Why go for things like vocal competitions?
"A classical competition is a great way for a singer who is thinking about a career in music to try out the experience. You prepare three pieces of music, two in foreign languages and one in English. You master those to the best of your ability, then stand on a big stage in front of a panel of judges and just sing your heart out while a pianist plays for you," she explained. "While it is an excellent way to learn about the business of classical music first hand, you have to be very brave to get up there and sing, and as competitions progress, you can win money, scholarships and performance opportunities.
"Singing, taking lessons, having concerts and doing competitions are huge elements to a young person's growth and in finding their 'inner artist'," she said.
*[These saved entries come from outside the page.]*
(* Let $g(z)=z^3-z^2+7z+1$, $A=\{z\in\mathbb{C}:\Re z\le0,\ |g(z)|=1\}$ and $B=\{z\in\mathbb{C}:\Re z>0,\ |g(z)|=1\}$. Then $\Re(A)\subset[-0.275,0]$ and $\Re(B)\subset[0.495,0.64]$. Moreover, $z=0$ is the only element $z\in A$ with $\Re(z)=0$. *)

From Stdlib Require Import Reals.
From Coquelicot Require Import Coquelicot.
Open Scope R_scope.

Definition g (z : C) : C :=
  (z * z * z - z * z + RtoC 7 * z + RtoC 1)%C.

Definition setA (z : C) : Prop := Re z <= 0 /\ Cmod (g z) = 1.
Definition setB (z : C) : Prop := 0 < Re z /\ Cmod (g z) = 1.

(** Write z = x + iy and t = y^2.  Then |g(z)|^2 - 1 is a monic cubic in t
    whose coefficients are polynomials in x, so it suffices to show that this
    cubic is positive for all t >= 0 whenever x lies outside the claimed
    ranges.  Writing the cubic as t (t^2 + b t + c) + d, for x < -0.275 and
    for x >= 2 the quadratic has negative discriminant and d > 0.  For 0 < x < 0.495 and
    0.64 < x <= 2 we split t at a fixed T and expand around a fixed m near the
    local minimum in t; what remains is the positivity in x of one
    polynomial of degree 8 on two intervals, certified by its Bernstein
    coefficients.  On the imaginary axis the cubic is t ((t - 13/2)^2 + 35/4),
    which vanishes only at t = 0. *)

From Stdlib Require Import Reals Lra Psatz List.
From Coquelicot Require Import Coquelicot.
Import ListNotations.
Open Scope R_scope.

Definition cubic (b c d t : R) : R := t ^ 3 + b * t ^ 2 + c * t + d.

Definition cubic_deriv (b c t : R) : R := 3 * t ^ 2 + 2 * b * t + c.

Lemma quadratic_pos (k q r u : R) :
  0 < k -> 0 < 4 * k * r - q ^ 2 -> 0 < k * u ^ 2 + q * u + r.
Proof.
  intros Hk Hdisc.
  assert (E : 4 * k * (k * u ^ 2 + q * u + r) = (2 * k * u + q) ^ 2 + (4 * k * r - q ^ 2))
    by ring.
  assert (H4 : 0 < 4 * k * (k * u ^ 2 + q * u + r))
    by (rewrite E; pose proof (pow2_ge_0 (2 * k * u + q)); lra).
  apply (Rmult_lt_reg_l (4 * k)); lra.
Qed.

Lemma cubic_pos_of_discr (b c d t : R) :
  0 <= t -> 0 < 4 * c - b ^ 2 -> 0 < d -> 0 < cubic b c d t.
Proof.
  intros Ht Hdisc Hd.
  assert (E : 4 * cubic b c d t = t * ((2 * t + b) ^ 2 + (4 * c - b ^ 2)) + 4 * d)
    by (unfold cubic; ring).
  assert (0 <= t * ((2 * t + b) ^ 2 + (4 * c - b ^ 2)))
    by (apply Rmult_le_pos; [| pose proof (pow2_ge_0 (2 * t + b))]; lra).
  lra.
Qed.

(* For t <= T the quadratic t^2 + b t + c is decreasing, hence bounded below by
   its value at T; for t >= T, writing u = t - m, the cubic is
   u^2 (t + 2m + b) + p'(m) u + p(m), which dominates a quadratic in u with
   leading coefficient T + 2m + b. *)
Lemma cubic_pos_of_split (b c d T m t : R) :
  0 <= t -> b + 2 * T <= 0 -> 0 < T ^ 2 + b * T + c -> 0 < d ->
  0 < T + 2 * m + b ->
  0 < 4 * (T + 2 * m + b) * cubic b c d m - cubic_deriv b c m ^ 2 ->
  0 < cubic b c d t.
Proof.
  intros Ht Hb HT Hd Hk Hdisc.
  destruct (Rle_lt_dec t T) as [HtT | HTt].
  - assert (Hq : T ^ 2 + b * T + c <= t ^ 2 + b * t + c) by nra.
    assert (E : cubic b c d t = t * (t ^ 2 + b * t + c) + d) by (unfold cubic; ring).
    nra.
  - set (u := t - m).
    assert (E : cubic b c d t
                = u ^ 2 * (t + 2 * m + b) + cubic_deriv b c m * u + cubic b c d m)
      by (unfold u, cubic, cubic_deriv; ring).
    assert (0 < (T + 2 * m + b) * u ^ 2 + cubic_deriv b c m * u + cubic b c d m)
      by (apply quadratic_pos; assumption).
    assert (0 <= u ^ 2 * (t - T)) by (apply Rmult_le_pos; [apply pow2_ge_0 | lra]).
    nra.
Qed.

(* [bernstein [c_0; ...; c_n] s] is the sum of the c_k s^k (1 - s)^(n - k);
   the binomial factors are absorbed into the coefficients. *)
Fixpoint bernstein (cs : list R) (s : R) : R :=
  match cs with
  | [] => 0
  | c :: cs' => c * (1 - s) ^ length cs' + s * bernstein cs' s
  end.

Lemma bernstein_pos (cs : list R) (s : R) :
  cs <> [] -> List.Forall (Rlt 0) cs -> 0 <= s <= 1 -> 0 < bernstein cs s.
Proof.
  intros Hne Hpos Hs.
  induction Hpos as [| c cs' Hc Hpos' IH]; [congruence |].
  destruct cs' as [| c' cs'']; [simpl; lra |].
  specialize (IH ltac:(discriminate)).
  change (0 < c * (1 - s) ^ length (c' :: cs'') + s * bernstein (c' :: cs'') s).
  set (n := length (c' :: cs'')).
  destruct (Req_dec s 1) as [-> | Hs1].
  - assert (0 <= (1 - 1) ^ n) by (apply pow_le; lra). nra.
  - assert (0 < (1 - s) ^ n) by (apply pow_lt; lra). nra.
Qed.

Lemma pos_of_bernstein (p : R -> R) (a e : R) (cs : list R) :
  a < e -> (forall s, p (a + (e - a) * s) = bernstein cs s) ->
  cs <> [] -> List.Forall (Rlt 0) cs ->
  forall x, a <= x <= e -> 0 < p x.
Proof.
  intros Hae Hp Hne Hpos x Hx.
  replace x with (a + (e - a) * ((x - a) / (e - a)))
    by (field; apply Rgt_not_eq; lra).
  rewrite Hp; apply bernstein_pos; [assumption | assumption |].
  split.
  - apply Rdiv_le_0_compat; lra.
  - apply (Rdiv_le_1 (x - a) (e - a)); lra.
Qed.

Definition a2 (x : R) : R := 3 * x ^ 2 - 2 * x - 13.
Definition a1 (x : R) : R := 3 * x ^ 4 - 4 * x ^ 3 + 2 * x ^ 2 - 20 * x + 51.
Definition a0 (x : R) : R := (x ^ 3 - x ^ 2 + 7 * x) * (x ^ 3 - x ^ 2 + 7 * x + 2).

Definition gcubic (x t : R) : R := cubic (a2 x) (a1 x) (a0 x) t.

Lemma Cmod_g_sqr (x y : R) : Cmod (g (x, y)) ^ 2 = 1 + gcubic x (y ^ 2).
Proof.
  unfold Cmod; rewrite pow2_sqrt by (apply Rplus_le_le_0_compat; apply pow2_ge_0).
  unfold g, gcubic, cubic, a2, a1, a0; simpl; ring.
Qed.

Lemma gcubic_of_Cmod_g_eq1 (x y : R) : Cmod (g (x, y)) = 1 -> gcubic x (y ^ 2) = 0.
Proof. intros Hg. pose proof (Cmod_g_sqr x y) as E. rewrite Hg in E. lra. Qed.

Lemma gcubic_0 (t : R) : gcubic 0 t = t * ((t - 13 / 2) ^ 2 + 35 / 4).
Proof. unfold gcubic, cubic, a2, a1, a0; field. Qed.

Lemma a0_pos_left (x : R) : x < -275/1000 -> 0 < a0 x.
Proof.
  intros Hx. unfold a0.
  assert (x ^ 3 - x ^ 2 + 7 * x < -2) by nra.
  nra.
Qed.

Lemma a0_pos_right (x : R) : 0 < x -> 0 < a0 x.
Proof. intros Hx. unfold a0. nra. Qed.

Lemma discr_pos_of_nonpos (x : R) : x <= 0 -> 0 < 4 * a1 x - a2 x ^ 2.
Proof. intros Hx. unfold a1, a2. nra. Qed.

Lemma discr_pos_of_ge2 (x : R) : 2 <= x -> 0 < 4 * a1 x - a2 x ^ 2.
Proof. intros Hx. unfold a1, a2. nra. Qed.

(* Found by a grid search; m is close to the positive critical point of
   [gcubic x] for x near the ends of the two ranges. *)
Definition split_T : R := 49/20.
Definition split_m : R := 341/50.

Definition split_disc (x : R) : R :=
  4 * (split_T + 2 * split_m + a2 x) * gcubic x split_m
  - cubic_deriv (a2 x) (a1 x) split_m ^ 2.

Lemma a2_add_2split_T_nonpos (x : R) : 0 <= x <= 2 -> a2 x + 2 * split_T <= 0.
Proof. intros Hx. unfold a2, split_T. nra. Qed.

Lemma split_T_quadratic_pos (x : R) :
  0 <= x <= 2 -> 0 < split_T ^ 2 + a2 x * split_T + a1 x.
Proof. intros Hx. unfold a1, a2, split_T. nra. Qed.

Lemma split_slope_pos (x : R) : 0 < split_T + 2 * split_m + a2 x.
Proof. unfold a2, split_T, split_m. nra. Qed.

Lemma split_disc_pos_near0 (x : R) : 0 <= x <= 99/200 -> 0 < split_disc x.
Proof.
  apply (pos_of_bernstein split_disc 0 (99/200)
    [3572002829/6250000; 22710832477/6250000; 4906932256087/500000000;
     18147937540643/1250000000; 3152335864747691/250000000000;
     25404434523703633/4000000000000; 2690040702261074309/1600000000000000;
     278413958847087919/1600000000000000; 3091288924647893603/2560000000000000000]).
  - lra.
  - intro s. unfold split_disc, split_T, split_m, gcubic, cubic, cubic_deriv, a2, a1, a0.
    simpl; field.
  - discriminate.
  - repeat constructor; lra.
Qed.

Lemma split_disc_pos_right (x : R) : 16/25 <= x <= 2 -> 0 < split_disc x.
Proof.
  apply (pos_of_bernstein split_disc (16/25) 2
    [6778186733/2441406250000; 5789965012531/12207031250; 203868325771651/24414062500;
     22022959705237/488281250; 237837137608807/1953125000; 147550659069/781250;
     1350195582407/7812500; 68341194579/781250; 118786998829/6250000]).
  - lra.
  - intro s. unfold split_disc, split_T, split_m, gcubic, cubic, cubic_deriv, a2, a1, a0.
    simpl; field.
  - discriminate.
  - repeat constructor; lra.
Qed.

Lemma gcubic_pos_of_split_disc (x t : R) :
  0 < x <= 2 -> 0 < split_disc x -> 0 <= t -> 0 < gcubic x t.
Proof.
  intros Hx Hdisc Ht.
  apply (cubic_pos_of_split _ _ _ split_T split_m t Ht).
  - apply a2_add_2split_T_nonpos; lra.
  - apply split_T_quadratic_pos; lra.
  - apply a0_pos_right; lra.
  - apply split_slope_pos.
  - exact Hdisc.
Qed.

Lemma gcubic_pos_left (x t : R) : x < -275/1000 -> 0 <= t -> 0 < gcubic x t.
Proof.
  intros Hx Ht.
  apply cubic_pos_of_discr; [exact Ht | apply discr_pos_of_nonpos; lra |].
  apply a0_pos_left; exact Hx.
Qed.

Lemma gcubic_pos_near0 (x t : R) : 0 < x < 99/200 -> 0 <= t -> 0 < gcubic x t.
Proof.
  intros Hx.
  apply gcubic_pos_of_split_disc; [lra |].
  apply split_disc_pos_near0; lra.
Qed.

Lemma gcubic_pos_right (x t : R) : 16/25 < x -> 0 <= t -> 0 < gcubic x t.
Proof.
  intros Hx Ht.
  destruct (Rle_lt_dec x 2) as [Hx2 | Hx2].
  - apply gcubic_pos_of_split_disc; [lra | | exact Ht].
    apply split_disc_pos_right; lra.
  - apply cubic_pos_of_discr; [exact Ht | apply discr_pos_of_ge2; lra |].
    apply a0_pos_right; lra.
Qed.

Lemma Cmod_g_eq1_Re_range (x y : R) :
  Cmod (g (x, y)) = 1 -> -275/1000 <= x <= 0 \/ 99/200 <= x <= 16/25.
Proof.
  intros Hg.
  assert (Hnpos : ~ 0 < gcubic x (y ^ 2))
    by (rewrite (gcubic_of_Cmod_g_eq1 x y Hg); lra).
  pose proof (pow2_ge_0 y) as Hy.
  destruct (Rlt_or_le x (-275/1000)) as [H1 | H1].
  { exfalso; exact (Hnpos (gcubic_pos_left x _ H1 Hy)). }
  destruct (Rle_or_lt x 0) as [H2 | H2]; [left; lra | right].
  destruct (Rlt_or_le x (99/200)) as [H3 | H3].
  { exfalso; exact (Hnpos (gcubic_pos_near0 x _ (conj H2 H3) Hy)). }
  destruct (Rle_or_lt x (16/25)) as [H4 | H4]; [lra |].
  exfalso; exact (Hnpos (gcubic_pos_right x _ H4 Hy)).
Qed.

Lemma Cmod_g_eq1_imag_axis (y : R) : Cmod (g (0, y)) = 1 -> y = 0.
Proof.
  intros Hg.
  pose proof (gcubic_of_Cmod_g_eq1 0 y Hg) as H0.
  rewrite gcubic_0 in H0.
  pose proof (pow2_ge_0 (y ^ 2 - 13 / 2)).
  assert (Hy2 : y ^ 2 = 0) by nra.
  apply Rsqr_0_uniq; unfold Rsqr; nra.
Qed.

Theorem lemma3p6 :
  (forall z : C, setA z -> -275/1000 <= Re z <= 0) /\
  (forall z : C, setB z -> 495/1000 <= Re z <= 64/100) /\
  (forall z : C, setA z -> Re z = 0 -> z = 0%C).
Proof.
  split; [| split].
  - intros [x y] [Hx Hg]; simpl in *.
    destruct (Cmod_g_eq1_Re_range x y Hg); lra.
  - intros [x y] [Hx Hg]; simpl in *.
    destruct (Cmod_g_eq1_Re_range x y Hg); lra.
  - intros [x y] [_ Hg] Hx; simpl in Hx; subst x.
    rewrite (Cmod_g_eq1_imag_axis y Hg); reflexivity.
Qed.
Jamilyn's passions have now all come together fueling her confidence to begin working toward what looks to be a destiny built on her innate vocal talents, outstanding coaching guidance, her stage presence and abilities to focus solidly on virtually any specific goal or challenge put before her.
Like most teens, her cell phone is filled with songs by any number of artists, and she has memorized the words and music for each and is always happy to sing along.
As a vocal and performance coach, Vanella is open to helping Jamilyn try her hand at a variety of musical styles, seeing each as an educational opportunity and experience for a young artist working to find her personal, and possibly professional, niche in the always competitive environment typical of the performing arts on all levels.
"She is one of the most persistent, vibrant young women I have ever met, and I think anything she puts her mind to she can do," said the proud coach. "For now, the world is her oyster, and I am simply here to guide and support her on that journey."